Life on the Edge

Vivienne Chen, 3rd Place
12th Grade
Pleasanton

I live on the border, straddling the fence between two worlds. On one side, cheese-crusted burger bags gather with thrift store jeans, Dixie Chicks albums, and self- sewn skirts. On the other side, fine silk-collared dresses meet red paper envelopes, tapioca drinks and purple yam ice cream. On my kitchen shelf, ginger sits next to cheddar, and thin rice noodles rest alongside fettuccine, penne, and macaroni. I am what they call a “Twinkie,” “banana,” or “ABC.” I am American-Born Chinese.

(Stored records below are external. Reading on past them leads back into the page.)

Lemma log2_gamma2_scaled_sylvester n :
  (K n).-1%:R <= log2 (gamma2 (scaled_sylvester n)) <= (K n)%:R.
Proof.
have gamma2_gt0 : 0 < gamma2 (scaled_sylvester n).
  exact: lt_le_trans (exprn_gt0 _ _) (exp2_le_gamma2_scaled_sylvester n).
rewrite -(log2_exp2 _ (K n).-1) -(log2_exp2 _ (K n)) !ler_log2 ?exprn_gt0 //.
by rewrite exp2_le_gamma2_scaled_sylvester gamma2_scaled_sylvester_le_exp2.
Qed.

Lemma vdot_scaled_sylvester_row n s : (s < K n)%N ->
  vdot (row (inord s) (scaled_sylvester n)) (sylvester_row n s) = 2 ^+ s * (K n)%:R.
Proof.
move=> lt_sK; have lt_sn : (s < n.+1)%N := leq_trans lt_sK (pow2_floor_le (ltn0Sn n)).
rewrite /vdot (eq_bigr (fun j : 'I_n.+1 => if (j < K n)%N then 2 ^+ s else 0)) => [|j _].
  rewrite (sum_ord_if_lt _ _ (fun=> 2 ^+ s)) (minn_idPr (pow2_floor_le _)) //.
  by rewrite sumr_const card_ord mulr_natr.
rewrite !mxE inordK // lt_sK /=; case: ifP => _; last by rewrite mul0r.
by rewrite -mulrA -expr2 sylvester_sqr mulr1.
Qed.

Lemma sum_sqr_vdot_sylvester_row n (r : 'rV[R]_n.+1) :
  \sum_(s < K n) vdot r (sylvester_row n s) ^+ 2
    = (K n)%:R * \sum_(j < n.+1 | (j < K n)%N) r ord0 j ^+ 2.
Proof.
set H := sylvester R (trunc_log 2 n.+1).
have vdot_r s : vdot r (sylvester_row n s) = \sum_(j < n.+1 | (j < K n)%N) r ord0 j * H s j.
  rewrite /vdot [RHS]big_mkcond; apply: eq_bigr => j _.
  by rewrite mxE; case: ifP; rewrite ?mulr0.
have inner (j : 'I_n.+1) : (j < K n)%N -> forall j' : 'I_n.+1, (j' < K n)%N ->
    \sum_(s < K n) r ord0 j * H s j * (r ord0 j' * H s j')
      = r ord0 j * r ord0 j' * (if j == j' :> nat then (K n)%:R else 0).
  move=> lt_jK j' lt_j'K; rewrite -(sylvester_orthogonal R lt_jK lt_j'K) big_mkord.
  by rewrite mulr_sumr; apply: eq_bigr => s _; rewrite mulrACA.
under eq_bigr do rewrite vdot_r expr2 big_distrlr /=.
rewrite exchange_big mulr_sumr; apply: eq_bigr => j lt_jK; rewrite exchange_big /=.
rewrite (eq_bigr _ (inner j lt_jK)) (bigD1 j) //= eqxx big1 => [|j' /andP[_ neq_j'j]].
  by rewrite addr0 mulrC expr2.
by rewrite ifN ?mulr0 // eq_sym.
Qed.

Section Online.
Variables (n : nat) (A : online_alg R n.+1).
Hypothesis valid : valid_for (scaled_sylvester n) A.

Lemma exists_low_energy_sylvester_row : exists s : 'I_(K n),
  \sum_(r <- alg_R (scaled_sylvester n) A n.+1) vdot r (sylvester_row n s) ^+ 2 <= (K n)%:R.
Proof.
apply: exists_le_of_sum_le; first exact: pow2_floor_gt0.
rewrite exchange_big /=; under eq_bigr do rewrite sum_sqr_vdot_sylvester_row.
rewrite -mulr_sumr ler_pM2l ?ltr0n ?pow2_floor_gt0 // exchange_big /=.
apply: le_trans (ler_sum _ (fun j _ => col_energy_le1 valid j)) _.
rewrite big_mkcond (sum_ord_if_lt _ _ (fun=> 1)) (minn_idPr (pow2_floor_le _)) //.
by rewrite sumr_const card_ord.
Qed.

Lemma exp2_sqrt_le_norm2_alg_l (s : 'I_(K n)) :
  \sum_(r <- alg_R (scaled_sylvester n) A n.+1) vdot r (sylvester_row n s) ^+ 2 <= (K n)%:R ->
  2 ^+ s * Num.sqrt (K n)%:R <= norm2_seq (alg_l (scaled_sylvester n) A s.+1).
Proof.
move=> energy_le; have k_gt0 : 0 < (K n)%:R :> R by rewrite ltr0n pow2_floor_gt0.
have s_range : (0 < s.+1 <= n.+1)%N := leq_trans (ltn_ord s) (pow2_floor_le (ltn0Sn n)).
have sqrt_k_gt0 : 0 < Num.sqrt ((K n)%:R : R) by rewrite sqrtr_gt0.
rewrite -(ler_pM2r sqrt_k_gt0) -mulrA -expr2 (sqr_sqrtr (ltW k_gt0)).
have := normr_vdot_row_le valid (sylvester_row n s) s_range.
rewrite /= vdot_scaled_sylvester_row // ger0_norm; last by rewrite mulr_ge0 ?exprn_ge0.
by move/le_trans; apply; rewrite ler_wpM2l ?sqrtr_ge0 ?ler_wsqrtr.
Qed.

Lemma scaled_sylvester_online_lower_bound : exists t, (1 <= t <= n.+1)%N /\
  Num.sqrt (log2 (gamma2 (scaled_sylvester n)) / 2)
    * gamma2 (prefix_rows (scaled_sylvester n) t)
  <= value_by (scaled_sylvester n) A t.
Proof.
have [s energy_le] := exists_low_energy_sylvester_row.
have lt_sK : (s < K n)%N := ltn_ord s.
have lt_sn : (s < n.+1)%N := leq_trans lt_sK (pow2_floor_le (ltn0Sn n)).
exists s.+1; split=> //; apply: le_trans (norm2_alg_l_le_value _ _ (ltn0Sn s)).
apply: le_trans (exp2_sqrt_le_norm2_alg_l energy_le).
have [L_ge L_le] := andP (log2_gamma2_scaled_sylvester n).
set L := log2 _ in L_ge L_le *; set k : R := (K n)%:R in L_le *; set G := gamma2 _.
have k_ge0 : 0 <= k := ler0n _ _.
have L_ge0 : 0 <= L := le_trans (ler0n _ _) L_ge.
have G_le : G ^+ 2 <= (4 * 4 ^+ s - 1) / 3.
  have := gamma2_prefix_scaled_sylvester lt_sn.
  by rewrite (minn_idPl lt_sK) sum_exp4 [4 ^+ _]exprS.
have : L / 2 * G ^+ 2 <= k / 2 * ((4 * 4 ^+ s - 1) / 3).
  by apply: ler_pM; [lra | exact: sqr_ge0 | lra | exact: G_le].
rewrite -ler_sqr ?nnegrE ?mulr_ge0 ?sqrtr_ge0 ?gamma2_ge0 ?exprn_ge0 //.
rewrite !exprMn sqr_exp2 (sqr_sqrtr k_ge0) sqr_sqrtr; last lra.
have := mulr_ge0 k_ge0 (exprn_ge0 s (ler0n R 4)); lra.
Qed.

End Online.

End ScaledSylvester.

Theorem theorem5p1 (R : realType) :
  exists (c C : R) (n0 : nat), 0 < c /\ 0 < C /\
  exists Q : forall n : nat, 'M[R]_(n.+1),
    (forall n : nat, norm_inf_row (row ord0 (Q n)) = 1) /\
    (forall n : nat, (n0 <= n)%N ->
        c * n.+1%:R <= log2 (gamma2 (Q n)) /\ log2 (gamma2 (Q n)) <= C * n.+1%:R) /\
    (forall (n : nat) (A : online_alg R n.+1), valid_for (Q n) A ->
        exists t : nat, (1 <= t <= n.+1)%N /\
          Num.sqrt (log2 (gamma2 (Q n)) / 2) * gamma2 (prefix_rows (Q n) t)
            <= value_by (Q n) A t).
Proof.
exists (1 / 4), 1, 1%N; split; first lra; split; first lra.
exists (@scaled_sylvester R); split; first exact: scaled_sylvester_row0.
split; last exact: scaled_sylvester_online_lower_bound.
move=> n n_ge1; have [L_ge L_le] := andP (log2_gamma2_scaled_sylvester R n); split.
- apply: le_trans L_ge; have lt_n := ltn_double_pow2_floor n.+1.
  have : (n.+1 <= 4 * (pow2_floor n.+1).-1)%N by move: lt_n; rewrite -mul2n; lia.
  by rewrite -(ler_nat R) natrM; lra.
- by apply: le_trans L_le _; rewrite mul1r ler_nat pow2_floor_le.
Qed.
(* Let $S^1=\{z\in\mathbb{C}:|z|=1\}$, $\alpha\in(0,1)$, and $f:S^1\to S^1$, $f(z)=ze^{2\pi i\alpha}$. Let $\Delta$ be the partition of $S^1$ into orbits $\{f^k(z):k\in\mathbb{Z}\}$, $Y=S^1/\Delta$ with the quotient topology, and $p:S^1\to Y$ the projection. Then $p$ has property (CONT) for every $\alpha$, and $p$ has property (COMP) if and only if $\alpha$ is rational.
   Context: A $\Delta$-map is a continuous $h:S^1\to S^1$ mapping each element of $\Delta$ into some element of $\Delta$; $\mathrm{End}(S^1,\Delta)$ is the monoid of $\Delta$-maps, $\mathrm{End}(Y)=C(Y,Y)$, and $\psi(h)$ is the unique map with $p\circ h=\psi(h)\circ p$. Property (COMP): for every compact $L\subset Y$ there is a compact $K\subset S^1$ with $p(K)=L$. Property (CONT): $\psi:\mathrm{End}(S^1,\Delta)\to\mathrm{End}(Y)$ is continuous with respect to compact open topologies. *)

From HB Require Import structures.
From mathcomp Require Import all_boot all_order all_algebra generic_quotient.
From mathcomp Require Import all_classical all_reals all_analysis.
From mathcomp Require Import ring lra.
Set Implicit Arguments. Unset Strict Implicit. Unset Printing Implicit Defensive.
Import Order.TTheory GRing.Theory Num.Theory.
Import numFieldNormedType.Exports.
Local Open Scope classical_set_scope.
Local Open Scope ring_scope.

Local Open Scope quotient_scope.
Section Circle.
Context {R : realType}.

(* The plane C is modelled as R * R (product topology), z = (Re z, Im z). *)
Definition S1set : set (R * R) := [set z | z.1 ^+ 2 + z.2 ^+ 2 = 1].

Local Notation S1 := (set_type S1set).

(* multiplication by e^{i t} on C = R * R *)
Definition rot (t : R) (z : R * R) : R * R :=
  (z.1 * cos t - z.2 * sin t, z.1 * sin t + z.2 * cos t).

Lemma rot0 z : rot 0 z = z.
Proof. by case: z => x y; rewrite /rot /= sin0 cos0 !mulr0 !mulr1 subr0 add0r. Qed.

Lemma rotD s t z : rot s (rot t z) = rot (t + s) z.
Proof.
case: z => x y; rewrite /rot /= cosD sinD; congr pair; ring.
Qed.

Definition fpow (alpha : R) (k : int) (z : R * R) : R * R :=
  rot (2 * pi * k%:~R * alpha) z.

Definition orbit_rel (alpha : R) : rel S1 :=
  fun z w => `[< exists k : int, set_val w = fpow alpha k (set_val z) >].

Lemma orbit_rel_equiv (alpha : R) : equiv_class_of (orbit_rel alpha).
Proof.
split.
- by move=> z; apply/asboolP; exists 0; rewrite /fpow mulr0z mulr0 mul0r rot0.
- suff H : forall z w, orbit_rel alpha z w -> orbit_rel alpha w z.
    by move=> z w; apply/idP/idP => /H.
  move=> z w /asboolP [k Hk]; apply/asboolP; exists (- k).
  rewrite Hk /fpow rotD (_ : _ + _ = 0) ?rot0 //.
  by rewrite mulrNz; ring.
- move=> w z v /asboolP [k Hk] /asboolP [l Hl]; apply/asboolP; exists (k + l).
  by rewrite Hl Hk /fpow rotD mulrzDr; congr rot; ring.
Qed.

Definition orbit_equiv (alpha : R) : equiv_rel S1 :=
  EquivRelPack (orbit_rel_equiv alpha).

Local Notation Yspace alpha := (quotient_topology {eq_quot (orbit_equiv alpha)}).

Definition proj (alpha : R) : S1 -> Yspace alpha := \pi_(Yspace alpha).
(* A restriction semigroup is isomorphic (as a $(2,1,1)$-algebra) to a $W$-product $W(T,Y)$ of a semilattice $Y$ by a monoid $T$ if and only if it is proper and its underlying left partial action is an action (i.e. defined everywhere). In particular, a restriction semigroup is isomorphic to a semidirect product $T\ltimes Y$ of a semilattice by a monoid if and only if it is proper and its underlying left partial action is an action by order-automorphisms, equivalently, both its underlying left and right partial actions are (everywhere defined) actions.
   Context: A restriction semigroup is an algebra $(S,\cdot,{}^*,{}^+)$ where $(S,\cdot)$ is a semigroup and the identities $xx^*=x$, $x^*y^*=y^*x^*$, $(xy^* )^*=x^*y^*$, $x^*y=y(xy)^*$, $x^+x=x$, $x^+y^+=y^+x^+$, $(x^+y)^+=x^+y^+$, $xy^+=(xy)^+x$, $(x^+)^*=x^+$, $(x^* )^+=x^*$ hold. $P(S)=\{x^*\colon x\in S\}$ is the semilattice of projections; $\sigma$ is the least congruence identifying all projections; $S$ is proper if ($a^*=b^*$, $a\,\sigma\, b$) $\Rightarrow a=b$ and ($a^+=b^+$, $a\,\sigma\, b$) $\Rightarrow a=b$. For a proper restriction semigroup $S$, the underlying left partial action of $T=S/\sigma$ on $E=P(S)$ is: $t\cdot e$ is defined iff there is $a\in t$ with $a^*\ge e$, and then $t\cdot e=(ae)^+$. The underlying right partial action $\circ$ is its reverse: $e\circ t$ is defined iff $e=t\cdot f$ for some $f$ and then $e\circ t=f$. $W$-product: if a monoid $T$ acts on the left on a semilattice $Y$ (written $t*y$) by order-embeddings such that each range $t*Y$ is an order ideal of $Y$, then $W(T,Y)=\{(t*y,t)\colon y\in Y,t\in T\}$ with $(t*y,t)(s*x,s)=(t*y\wedge(ts)*x,ts)$, $(t*y,t)^*=(y,1)$, $(t*y,t)^+=(t*y,1)$. If the action is by order-automorphisms, $W(T,Y)$ is called the semidirect product $T\ltimes Y$ (as a set it is $Y\times T$). *)

Set Implicit Arguments.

I come from the world of first-generation Asian Americans, or rather, American Asians. I am a peculiar breed, a pariah to the mold of the traditional Chinese student. In the Post-Mao China that my parents left behind, a high-achieving child like me becomes a doctor, engineer, or computer programmer, not an author, activist, and humanitarian. They write algorithms, not poetry. They discuss Euclid or Stiglitz, not Kubrick and Kafka. They live in a world apart from mine, as the boundaries of my culture identity are constantly shifting, like plate tectonics below my feet.

I am a cultural Frankenstein, a girl without a color, a flag, an anthem. I campaign with gay rights activists in San Francisco and volunteer at elderly homes with Catholic nuns in Africa. I spend my weekends dancing with fake guns and swords, editing articles for the school paper, and testifying before a judge in Mock Trial. These are my communities, coalitions based on interests and ideology, rather than race and ethnicity. My Chinese culture, with its expectations of studious academics, struggles to accommodate my passions and my personality. I am a girl struck by inspiration and wanderlust, but even though I do not know where I am going, I know where I come from.

I come from plastic tablecloths, tablecloths covered in old grease and spit bones. I come from a fridge full of pork rinds, bok-choy, and left-over stir fry. I come from the broken words of Mandarin spoken around the house, from a broken family, but not a broken heart. I come from correcting people on the phrase “gun hay fat choy” and perfecting the tongue of “Chinglish.”

Above all, I come from paper. This paper knows every inch of me. Paper, worn with age. Paper, tattooed with my emotions. Paper, filled with my thoughts and observations. I come from this paper, and its words come from me. My words are my building blocks, pieces of a frame that construct a bridge of insight and understanding between my Asia and my America.

By growing up as an American Asian, I have learned to see the world through two different lenses. I examine the consequences of the One Child Policy in China, the excesses of American consumerism, and the philosophies of Adam Smith or Lao Tzu with a natural comprehension. I walk the line between my two nations. I live on the edge of both worlds, bringing the best from each. I stand astride the border between book smart and street smart, between tradition and innovation, between collectivism and individualism—between my inner East and West.